I see the periodic table as a huge playground, and in our research, we focus on the synthesis of new materials, porous materials, such as this here, that’s a structural model, and we see holes in the framework, and that can be used to store molecules or also to separate molecules based off on the size of these. And in addition to that kind of studies, we also develop new reactor systems in order to accelerate the discovery process. The current experimental challenges are to further accelerate the synthesis and characterization process with additional high throughput instrumentation, such as high throughput absorption characterization device.

The leg of detail and publications regarding the synthesis and characterization procedure affecting reproducibility is a well known problem in chemistry.
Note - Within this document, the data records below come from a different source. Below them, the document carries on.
Definition roots : node -> Prop :=
  proj1_sig (classical_sets.ex_maximal_disjoint_subcollection xset (admissible 0)).

Definition children (n : nat) (st : node) (k : nat) : node -> Prop :=
  proj1_sig (classical_sets.ex_maximal_disjoint_subcollection xset (child n st k)).

Lemma roots_maximal :
  classical_sets.maximal_disjoint_subcollection xset roots (admissible 0).
Proof. unfold roots. now destruct classical_sets.ex_maximal_disjoint_subcollection. Qed.

Lemma children_maximal n st k :
  classical_sets.maximal_disjoint_subcollection xset (children n st k) (child n st k).
Proof. unfold children. now destruct classical_sets.ex_maximal_disjoint_subcollection. Qed.

(* The sequence lists the neighbourhood indices along the path, most recent first. *)
Fixpoint tree (s : list nat) : node -> Prop :=
  match s with
  | nil => roots
  | k :: s' => fun st' => exists st, tree s' st /\ children (length s') st k st'
  end.

Lemma tree_admissible {s : list nat} {st : node} : tree s st -> admissible (length s) st.
Proof.
  destruct s as [|k s]; simpl.
  - intro H. now apply roots_maximal.
  - intros [st0 [_ H]]. now apply children_maximal in H as [Hst _].
Qed.

Lemma tree_disjoint {s : list nat} {st1 st2 : node} {a : X} :
  tree s st1 -> tree s st2 -> xset st1 a -> xset st2 a -> st1 = st2.
Proof.
  revert st1 st2. induction s as [|k s IH]; simpl.
  - intros st1 st2 H1 H2 a1 a2. apply roots_maximal; auto. exists a. split; auto.
  - intros st1 st2 [p1 [T1 C1]] [p2 [T2 C2]] a1 a2.
    apply children_maximal in C1 as Hc1. apply children_maximal in C2 as Hc2.
    assert (p1 = p2) as <-.
    { apply (IH p1 p2); auto; [apply Hc1 | apply Hc2]; auto. }
    apply (children_maximal (length s) p1 k); auto. exists a. split; auto.
Qed.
By providing a thorough description of our method and setup, we aim to encourage other groups to adopt the described methodology, thereby increasing the reproducibility of experimental studies. We do not know what the future will bring, since we work on the discovery of new materials, and we never know what kind of properties these materials will have.

Nevertheless, I think that the use of linker molecules from renewable feedstocks will play a major role. And regarding the application, the use in sensing and the separation of gas molecules will be very important. To begin, add the linker H4PMP as a solid to the polytetrafluoroethylene or PTFE inserts, for Aluminum-CAU-60.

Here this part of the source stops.